# pronunciation - ch



## pcplus

I was wondering is the "ch" sound in English in chocolate or any word the same than the hypothetic word tshocolate or whatever??

*chocolate=tshocolate*
*channel=tshanel*
*question=questshion*
*picture=pictshure*

according the phonetic symbol it appears so: t + sh

although I was taught that sound was the "ch" in Spanish, and it is very similar anyway, it isn't exactly, there wouldn't have many difference between them but I would sure of what I'm saying


----------



## Jeromed

The sound is normally exactly the same as in Spanish.

There are exceptions, though, many of which have to do with the word's pronunciation in its language of origin.   

For example, in _Chicago_ (Algonquian via French) and _machine_ (French), '_ch'_ has the sound of '_sh'._  In _Bach_ (German), it has a sound similar to that of Spanish '_j'._

I don't know anything about phonetic symbols, but _tʃ _must be the way the everyday '_ch'_ sound is represented!


----------



## Palo

I haven't got phonetics fonts in this pc, but it's true, "ch" is similar to that of english, but not exactly the same! besides "ch" in spanish has several variations.

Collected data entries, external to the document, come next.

(* The symmetrizer cannot tell apart two words that differ by swapping
   adjacent letters x_i x_j with i = j or q_ij = q_ji = 1: reindexing the sum
   over permutations by the transposition leaves every braiding factor
   unchanged.  This gives (i) at once.  For (ii), if all letters coincide then
   every word of sigma is u itself, and the coefficients of a bracket sum to 0.
   Otherwise split the letters into a connected component P of the induced
   graph and the rest: letters across the split have trivial braiding, so each
   word is equivalent to its P-subword followed by its non-P-subword, and
   Omega sigma only depends on the coefficients of sigma summed over words
   with the same pair of subwords.  These sums vanish for any bracketing whose
   leaves meet both classes, by induction on the bracketing: the bracket of a
   pure-P piece with a pure-non-P piece commutes the two, and a mixed factor
   passes its vanishing on to a product. *)

Lemma tperm_succ_inversion d (k k' a b : 'I_d) : k' = k.+1 :> nat ->
  (a < b)%N != (tperm k k' a < tperm k k' b)%N ->
  (a == k) && (b == k') || (a == k') && (b == k).
Proof.
move=> e; case: tpermP => [->|->|/eqP + /eqP]; case: tpermP => [->|->|/eqP + /eqP];
  rewrite -?(inj_eq val_inj) /= ?e; lia.
Qed.

Lemma nth_cat_swap (T : Type) (x0 : T) p s (i j : T) k :
  k != size p -> k != (size p).+1 ->
  nth x0 (p ++ [:: i, j & s]) k = nth x0 (p ++ [:: j, i & s]) k.
Proof.
move=> k_p k_p1; rewrite !nth_cat; case: ltnP => // le_p_k.
by case E: (k - size p)%N => [|[|m]] //; lia.
Qed.

Section QuantumSymmetrizer.
Variables (F : fieldType) (n : nat) (q : 'I_n -> 'I_n -> F).

Definition braid_trivial (i j : 'I_n) := q i j = 1 /\ q j i = 1.

Definition qsym_coef d (f : 'I_d -> 'I_n) (v : word n) : F :=
  \sum_(s <- enum {perm 'I_d} | [seq f ((s^-1)%g k) | k <- enum 'I_d] == v)
     \prod_(a : 'I_d) \prod_(b : 'I_d | (a < b)%N && (s b < s a)%N) q (f a) (f b).
(* $\mathrm{ex}_3(5,\mathcal{B})=5$ and $\mathrm{ex}_3(6,\mathcal{B})=8$; that is, every triple system on $5$ vertices with at least $6$ triples contains a Berge-$K_4$ while some $5$-vertex triple system with $5$ triples does not, and every triple system on $6$ vertices with at least $9$ triples contains a Berge-$K_4$ while some $6$-vertex triple system with $8$ triples does not.
   Context: A triple system is a $3$-uniform hypergraph. A Berge-$K_4$ in a triple system is a configuration consisting of four distinct vertices $v_1,v_2,v_3,v_4$ and six distinct triples $e_{ij}$ ($1\le i<j\le 4$) of the system with $\{v_i,v_j\}\subset e_{ij}$. $\mathcal{B}$ denotes the family of Berge-$K_4$ configurations, and $\mathrm{ex}_3(n,\mathcal{B})$ is the maximum number of triples in a triple system on $n$ vertices containing no Berge-$K_4$. *)

From mathcomp Require Import all_boot all_order.
Set Implicit Arguments. Unset Strict Implicit. Unset Printing Implicit Defensive.

Definition triple_system (n : nat) (H : {set {set 'I_n}}) : bool :=
  [forall e in H, #|e| == 3].

Definition has_BergeK4 (n : nat) (H : {set {set 'I_n}}) : Prop :=
  exists (v : 'I_4 -> 'I_n) (e : 'I_4 -> 'I_4 -> {set 'I_n}),
    injective v /\
    (forall i j : 'I_4, i < j -> e i j \in H /\ [set v i; v j] \subset e i j) /\
    (forall i j k l : 'I_4, i < j -> k < l -> e i j = e k l -> i = k /\ j = l).

From mathcomp Require Import all_boot all_order.
Set Implicit Arguments. Unset Strict Implicit. Unset Printing Implicit Defensive.

(* Both values are obtained by exhaustive computation.  A triple is encoded as
   the increasing list of its vertices, and a Berge-K4 with core vertices q is
   a system of distinct representatives: six distinct triples, one for each
   pair of vertices of q.  For the upper bounds, a branch-and-bound enumeration
   of the sub-collections of the C(n,3) triples closes a branch as soon as its
   chosen triples contain a Berge-K4 or it can no longer reach the target size.
   The test is sound for any list of candidate cores, so the search only tries
   increasing ones; the lower-bound systems are checked against all vertex
   quadruples, for which the test is also complete. *)

Section Words.
Variable T : eqType.

Fixpoint words (k : nat) (A : seq T) : seq (seq T) :=
  if k is k'.+1 then [seq a :: w | a <- A, w <- words k' A] else [:: [::]].

Lemma mem_words k A w : (w \in words k A) = (size w == k) && all (mem A) w.
Proof.
elim: k w => [|k IHk] [|a w] //=.
  by apply/allpairsP => -[[b u] [_ _]].
rewrite eqSS; apply/allpairsP/and3P => [[[b u] /= [bA] + [-> ->]] | [w_k aA wA]].
  by rewrite IHk => /andP [].
by exists (a, w); rewrite /= IHk w_k wA.
Qed.

End Words.

Definition ksubsets (k n : nat) : seq (seq nat) :=
  [seq w <- words k (iota 0 n) | sorted ltn w].

Lemma mem_ksubsets k n w :
  (w \in ksubsets k n) = [&& size w == k, sorted ltn w & all (gtn n) w].
Proof.
rewrite mem_filter mem_words (@eq_all _ _ (gtn n)) => [|x]; last by rewrite /= mem_iota.
by rewrite andbCA andbA.
Qed.

Definition set_of n (w : seq nat) : {set 'I_n} := [set x : 'I_n | (x : nat) \in w].

Lemma mem_set_of n w (x : 'I_n) : (x \in set_of n w) = ((x : nat) \in w).
Proof. by rewrite inE. Qed.

Lemma set_of_inj k n : {in ksubsets k n &, injective (set_of n)}.
Proof.
move=> w w'; rewrite !mem_ksubsets => /and3P [_ sw wn] /and3P [_ sw' wn'] eq_ww'.
apply: (irr_sorted_eq ltn_trans ltnn sw sw') => x.
have [xn | nx] := ltnP x n.
  by have /setP/(_ (Ordinal xn)) := eq_ww'; rewrite !inE.
have notin u : all (gtn n) u -> x \notin u.
  by move=> /allP un; apply/negP => /un /=; rewrite ltnNge nx.
by rewrite (negbTE (notin _ wn)) (negbTE (notin _ wn')).
Qed.

Lemma card_set_of n w : uniq w -> all (gtn n) w -> #|set_of n w| = size w.
Proof.
move=> uw wn; have -> : set_of n w = [set x in (pmap insub w : seq 'I_n)].
  by apply/setP => x; rewrite !inE mem_pmap_sub.
rewrite cardsE; have /card_uniqP -> : uniq (pmap insub w : seq 'I_n) by exact: pmap_sub_uniq.
by rewrite size_pmap_sub; apply/eqP; rewrite -all_count.
Qed.

Lemma set_of_enum n (e : {set 'I_n}) :
  exists2 w, w \in ksubsets #|e| n & set_of n w = e.
Proof.
exists (sort leq (map val (enum e))); last first.
  by apply/setP => x; rewrite inE mem_sort (mem_map val_inj) mem_enum.
have uw : uniq (sort leq (map val (enum e))).
  by rewrite sort_uniq (map_inj_uniq val_inj) enum_uniq.
rewrite mem_ksubsets size_sort size_map -cardE eqxx ltn_sorted_uniq_leq uw.
rewrite (sort_sorted leq_total) /=.
by apply/allP => x; rewrite mem_sort => /mapP [y _ ->]; exact: ltn_ord.
Qed.

Section DistinctRepresentatives.
Variables (A S : eqType) (fits : A -> S -> bool) (L : seq S).

(* [find] and [if] rather than [has] and [&&] (here and in [forced] and
   [bergeK4b]): under the call-by-value evaluation of [vm_compute] only they
   stop at the first success. *)
Fixpoint sdr_avoiding (used : seq S) (ds : seq A) : bool :=
  if ds is d :: ds' then
    let extends s :=
      if fits d s && (s \notin used) then sdr_avoiding (s :: used) ds' else false in
    find extends L < size L
  else true.

Definition sdr := sdr_avoiding [::].

Lemma sdr_avoidingP used ds :
  reflect (exists es, [/\ uniq es, {subset es <= L},
                          all (fun s => s \notin used) es & all2 fits ds es])
          (sdr_avoiding used ds).
Proof.
elim: ds used => [|d ds IH] used /=; first by apply: ReflectT; exists [::].
rewrite -has_find; apply: (iffP hasP) => [[s sL] | ].
  case/andP=> /andP [fit_s s_new] /IH [es [ues esL es_new fit_es]].
  exists (s :: es); split => /=.
  - by rewrite ues andbT; apply/negP => /(allP es_new); rewrite inE eqxx.
  - by move=> x; rewrite inE => /predU1P [-> // | /esL].
  - by rewrite s_new; apply/allP => x /(allP es_new); rewrite inE negb_or => /andP [].
  - by rewrite fit_s.
case=> -[|s es] [] //= /andP [s_es ues] esL /andP [s_new es_new] /andP [fit_s fit_es].
exists s; first by apply: esL; rewrite inE eqxx.
rewrite fit_s s_new /=; apply/IH; exists es; split => //.
  by move=> x xes; apply: esL; rewrite inE xes orbT.
apply/allP => x xes; rewrite inE negb_or (allP es_new x xes) andbT.
by apply: contraNneq s_es => <-.
Qed.

Lemma sdr_rep (s0 : S) ds : uniq ds -> sdr ds ->
  exists f : A -> S, {in ds, forall d, f d \in L /\ fits d (f d)} /\ {in ds &, injective f}.
Proof.
move=> uds /sdr_avoidingP [es [ues esL _ fit]].
have /andP [/eqP size_es fit_zip] :
  (size ds == size es) && all [pred p | fits p.1 p.2] (zip ds es) by rewrite -all2E.
exists (fun d => nth s0 es (index d ds)); split.
  move=> d dds; have i_lt : index d ds < size es by rewrite -size_es index_mem.
  split; first exact/esL/mem_nth.
  have /(allP fit_zip) : nth (d, s0) (zip ds es) (index d ds) \in zip ds es.
    by rewrite mem_nth // size_zip -size_es minnn index_mem.
  by rewrite nth_zip // nth_index.
move=> d d' dds d'ds /eqP; rewrite nth_uniq -?size_es ?index_mem // => /eqP.
exact: index_inj.
Qed.

Lemma sdr_of_rep ds (f : A -> S) : uniq ds ->
  {in ds, forall d, f d \in L /\ fits d (f d)} -> {in ds &, injective f} -> sdr ds.
Proof.
move=> uds fP finj; apply/sdr_avoidingP; exists (map f ds); split.
- by rewrite map_inj_in_uniq.
- by move=> _ /mapP [d dds ->]; have [] := fP d dds.
- exact/allP.
- elim: ds uds fP {finj} => //= d ds IH /andP [_ uds] fP.
  rewrite (fP d (mem_head _ _)).2 IH // => d' d'ds.
  by apply: fP; rewrite inE d'ds orbT.
Qed.

End DistinctRepresentatives.

Section Covering.
Variables (T : eqType) (found : seq T -> bool) (K : nat).

Fixpoint forced (chosen rest : seq T) : bool :=
  if rest is x :: rest' then
    if size chosen + size rest < K then true
    else if found (x :: chosen) then forced chosen rest'
    else forced (x :: chosen) rest' && forced chosen rest'
  else size chosen < K.

Lemma forcedP chosen rest : forced chosen rest ->
  forall s, subseq s rest -> K <= size chosen + size s ->
  exists2 t, {subset t <= chosen ++ s} & found t.
Proof.
elim: rest chosen => [|x rest IH] chosen.
  move=> small s; rewrite subseq0 => /eqP -> /=.
  by rewrite addn0 leqNgt; move: small => /= ->.
rewrite [forced _ _]/=; case: ifP => [small _ s /size_subseq sub_s large | _ forced_x_rest].
  by move: small; rewrite ltnNge (leq_trans large) // leq_add2l.
have without_x : forced chosen rest by case: ifP forced_x_rest => // _ /andP [].
case=> [|y s] /=; first by move=> _; apply: IH without_x [::] (sub0seq _).
case: eqP => [-> sub_s large | _]; last exact: IH without_x (y :: s).
have chosen_x_s : {subset (x :: chosen) ++ s <= chosen ++ x :: s}.
  by move=> z; rewrite /= !inE !mem_cat !inE orbCA.
case: ifP forced_x_rest => [found_x _ | _ /andP [forced_x _]].
  by exists (x :: chosen) => // z z_x; apply: chosen_x_s; rewrite mem_cat z_x.
have [|t t_sub found_t] := IH _ forced_x s sub_s; first by rewrite addSn -addnS.
by exists t => // z /t_sub /chosen_x_s.
Qed.

End Covering.

Definition ipairs : seq (nat * nat) :=
  [seq p <- [seq (i, j) | i <- iota 0 4, j <- iota 0 4] | p.1 < p.2].

Lemma mem_ipairs i j : ((i, j) \in ipairs) = (i < j < 4).
Proof.
rewrite mem_filter; apply/andP/andP => -[lt_ij mem_ij]; split => //.
  by move: mem_ij => /allpairsP [[i' j'] [_ + [_ ->]]]; rewrite mem_iota.
by apply/allpairsP; exists (i, j); rewrite !mem_iota (ltn_trans lt_ij mem_ij).
Qed.

Lemma uniq_ipairs : uniq ipairs.
Proof. by []. Qed.

Definition berge_core (L : seq (seq nat)) (q : seq nat) : bool :=
  let covers (p : nat * nat) (t : seq nat) := (nth 0 q p.1 \in t) && (nth 0 q p.2 \in t) in
  uniq q && sdr covers L ipairs.

Definition bergeK4b (qs L : seq (seq nat)) : bool :=
  find (berge_core L) qs < size qs.

Lemma bergeK4b_sound n (H : {set {set 'I_n}}) qs L :
  {subset qs <= words 4 (iota 0 n)} -> {in L &, injective (set_of n)} ->
  {in L, forall t, set_of n t \in H} -> bergeK4b qs L -> has_BergeK4 H.
Proof.
rewrite /bergeK4b -has_find => qs_n injL LH /hasP [q /qs_n].
rewrite mem_words => /andP [/eqP q4 qn].
case/andP=> uq /(sdr_rep [::] uniq_ipairs) [f [fP finj]].
have q_lt (i : 'I_4) : nth 0 q i < n.
  have /(allP qn) : nth 0 q i \in q by rewrite mem_nth ?q4.
  by rewrite /= mem_iota.
have ipairs_ij (i j : 'I_4) : i < j -> (val i, val j) \in ipairs.
  by move=> lt_ij; rewrite mem_ipairs lt_ij ltn_ord.
exists (fun i => Ordinal (q_lt i)), (fun i j => set_of n (f (val i, val j))).
split; [|split].
- move=> i j /(congr1 val) /= /eqP; rewrite nth_uniq ?q4 // => /eqP; exact: val_inj.
- move=> i j /ipairs_ij /fP [fL /andP [qi qj]]; split; first exact: LH.
  by apply/subsetP => x; rewrite !inE => /orP [] /eqP ->.
- move=> i j k l /ipairs_ij ij /ipairs_ij kl eq_e.
  have [[fij _] [fkl _]] := (fP _ ij, fP _ kl).
  by case: (finj _ _ ij kl (injL _ _ fij fkl eq_e)) => /val_inj -> /val_inj ->.
Qed.

Lemma bergeK4b_complete n (L : seq (seq nat)) :
  has_BergeK4 [set e in map (set_of n) L] -> bergeK4b (words 4 (iota 0 n)) L.
Proof.
case=> v [e [v_inj [eH e_inj]]].
pose rep E := nth [::] L (index E (map (set_of n) L)).
have repK E : E \in map (set_of n) L -> rep E \in L /\ set_of n (rep E) = E.
  move=> EL; have iL : index E (map (set_of n) L) < size L.
    by rewrite -(size_map (set_of n)) index_mem.
  by rewrite mem_nth // -(nth_map _ (set_of n [::])) // nth_index.
pose f (p : nat * nat) := rep (e (inord p.1) (inord p.2)).
have fP p : p \in ipairs -> [/\ (inord p.1 : 'I_4) < (inord p.2 : 'I_4), f p \in L
                            & set_of n (f p) = e (inord p.1) (inord p.2)].
  case: p => i j; rewrite mem_ipairs => /andP [lt_ij lt_j4].
  have lt_i4 := ltn_trans lt_ij lt_j4.
  have lt_ij' : (inord i : 'I_4) < (inord j : 'I_4) by rewrite !inordK.
  have [+ _] := eH _ _ lt_ij'; rewrite inE => /repK [fL fE].
  by split.
pose q := [seq (v (inord k) : nat) | k <- iota 0 4].
have qE k : k < 4 -> nth 0 q k = v (inord k).
  by move=> lt_k4; rewrite (nth_map 0) ?size_iota // nth_iota.
rewrite /bergeK4b -has_find; apply/hasP; exists q.
  rewrite mem_words size_map size_iota eqxx.
  by apply/allP => _ /mapP [k _ ->]; rewrite /= mem_iota add0n ltn_ord.
apply/andP; split.
  rewrite map_inj_in_uniq ?iota_uniq // => k k'; rewrite !mem_iota /= => lt_k4 lt_k'4.
  by move=> /= /val_inj /v_inj /(congr1 (@nat_of_ord 4)); rewrite !inordK.
apply: (sdr_of_rep (f := f) uniq_ipairs) => [p p_ij | p p' p_ij p'_ij eq_f].
  have [lt_ij fL fE] := fP p p_ij; split => //.
  have /andP [lt_12 lt_24] : p.1 < p.2 < 4.
    by case: p p_ij {lt_ij fL fE} => i j; rewrite mem_ipairs.
  rewrite !qE ?(ltn_trans lt_12 lt_24) // -!mem_set_of fE.
  have [_ sub] := eH _ _ lt_ij.
  by rewrite !(subsetP sub) // !inE eqxx ?orbT.
have [[lt_ij _ fE] [lt_kl _ fE']] := (fP p p_ij, fP p' p'_ij).
have [] := e_inj _ _ _ _ lt_ij lt_kl; first by rewrite -fE -fE' eq_f.
case: p p' p_ij p'_ij {lt_ij lt_kl fE fE' eq_f} => i j [k l]; rewrite !mem_ipairs /=.
move=> /andP [lt_ij lt_j4] /andP [lt_kl lt_l4].
move=> /(congr1 (@nat_of_ord 4)) + /(congr1 (@nat_of_ord 4)).
by rewrite !inordK ?(ltn_trans lt_ij) ?(ltn_trans lt_kl) // => -> ->.
Qed.

Lemma forced_has_BergeK4 n K :
  forced (bergeK4b (ksubsets 4 n)) K [::] (ksubsets 3 n) ->
  forall H : {set {set 'I_n}}, triple_system H -> K <= #|H| -> has_BergeK4 H.
Proof.
move=> search H /forallP H3 large.
pose s := [seq t <- ksubsets 3 n | set_of n t \in H].
have large_s : K <= size s.
  apply: leq_trans large _; rewrite -(size_map (set_of n)).
  apply: leq_trans (card_size _); apply/subset_leq_card/subsetP => e eH.
  have [t] := set_of_enum e; rewrite (eqP (implyP (H3 e) eH)) => t3 te.
  by apply/mapP; exists t; rewrite // mem_filter te eH.
have [t t_s found_t] := forcedP search (filter_subseq _ _) large_s.
apply: (bergeK4b_sound _ _ _ found_t).
- by move=> q; rewrite mem_filter => /andP [].
- by apply: sub_in2 (@set_of_inj 3 n) => x /t_s; rewrite mem_filter => /andP [].
- by move=> x /t_s; rewrite mem_filter => /andP [].
Qed.

Lemma bergeK4_free_system n (L : seq (seq nat)) :
  uniq L -> {subset L <= ksubsets 3 n} -> ~~ bergeK4b (words 4 (iota 0 n)) L ->
  exists H : {set {set 'I_n}}, [/\ triple_system H, #|H| = size L & ~ has_BergeK4 H].
Proof.
move=> uL L3 free; exists [set e in map (set_of n) L]; split.
- apply/forallP => e; apply/implyP; rewrite inE => /mapP [t /L3 + ->].
  rewrite mem_ksubsets => /and3P [/eqP t3 st tn].
  by rewrite card_set_of ?t3 ?(sorted_uniq ltn_trans ltnn st).
- rewrite cardsE; have /card_uniqP -> : uniq (map (set_of n) L).
    by rewrite (map_inj_in_uniq (sub_in2 L3 (@set_of_inj 3 n))).
  by rewrite size_map.
- by move/bergeK4b_complete; apply/negP.
Qed.

Definition extremal5 : seq (seq nat) :=
  [:: [:: 0; 1; 2]; [:: 0; 1; 3]; [:: 0; 1; 4]; [:: 0; 2; 3]; [:: 0; 2; 4]].

Definition extremal6 : seq (seq nat) :=
  [:: [:: 0; 1; 2]; [:: 0; 1; 3]; [:: 0; 1; 4]; [:: 0; 1; 5];
      [:: 0; 2; 3]; [:: 0; 4; 5]; [:: 1; 2; 3]; [:: 1; 4; 5]].

Lemma forced5 : forced (bergeK4b (ksubsets 4 5)) 6 [::] (ksubsets 3 5).
Proof. by vm_compute. Qed.

Lemma forced6 : forced (bergeK4b (ksubsets 4 6)) 9 [::] (ksubsets 3 6).
Proof. by vm_compute. Qed.

Lemma extremal5_free : ~~ bergeK4b (words 4 (iota 0 5)) extremal5.
Proof. by vm_compute. Qed.

Lemma extremal6_free : ~~ bergeK4b (words 4 (iota 0 6)) extremal6.
Proof. by vm_compute. Qed.

Theorem theorem2 :
  (* ex_3(5,B) = 5 *)
  ((forall H : {set {set 'I_5}}, triple_system H -> 6 <= #|H| -> has_BergeK4 H) /\
   (exists H : {set {set 'I_5}}, [/\ triple_system H, #|H| = 5 & ~ has_BergeK4 H])) /\
  (* ex_3(6,B) = 8 *)
  ((forall H : {set {set 'I_6}}, triple_system H -> 9 <= #|H| -> has_BergeK4 H) /\
   (exists H : {set {set 'I_6}}, [/\ triple_system H, #|H| = 8 & ~ has_BergeK4 H])).
Proof.
split; split.
- exact: forced_has_BergeK4 forced5.
- by apply: bergeK4_free_system extremal5_free => //; apply/allP; vm_compute.
- exact: forced_has_BergeK4 forced6.
- by apply: bergeK4_free_system extremal6_free => //; apply/allP; vm_compute.
Qed.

It is weaker than its equivalent in english. kuesttSan, tSaenal,piktSa, tSokalit. see word reference, beside the word there is its pronuncciation.


----------



## Boerboel

Jeromed said:


> In _Bach_ (German), it has a sound similar to that of Spanish '_j'._


 
Although I'd say most Americans (don't know about other English speakers) pronounce Bach like "Bak" (the "a" sounding like the Spanish "a")


----------



## pcplus

pero entonces tengo razón en lo que digo o no???

chocolate se pronunciaría igual que tshocolate??

question sería questshion???


----------



## Outsider

Palo said:


> I haven't got phonetics fonts in this pc, but it's true, "ch" is similar to that of english, but not exactly the same!


What's the difference?


----------



## Outsider

pcplus said:


> pero entonces tengo razón en lo que digo o no???
> 
> chocolate se pronunciaría igual que tshocolate??


¿Por qué complicar? La "ch" de "chocolate" se pronuncia como en español. Aunque exista alguna diferencia, es pequeña e irrelevante.



pcplus said:


> question sería questshion???


Depende del hablante. Muchos dicen "kwes-chan", pero creo que algunos dicen "kwes-tyan".


----------



## suso26

> question sería questshion???


kueshtion.


----------



## Prometo

Outsider said:


> Depende del hablante. Muchos dicen "kwes-chan", pero creo que algunos dicen "kwes-tyan".



Mucho más que eso.  Hay una variedad increíble (para los que hablan castellano)de pronunciación entre los que hablan el inglés.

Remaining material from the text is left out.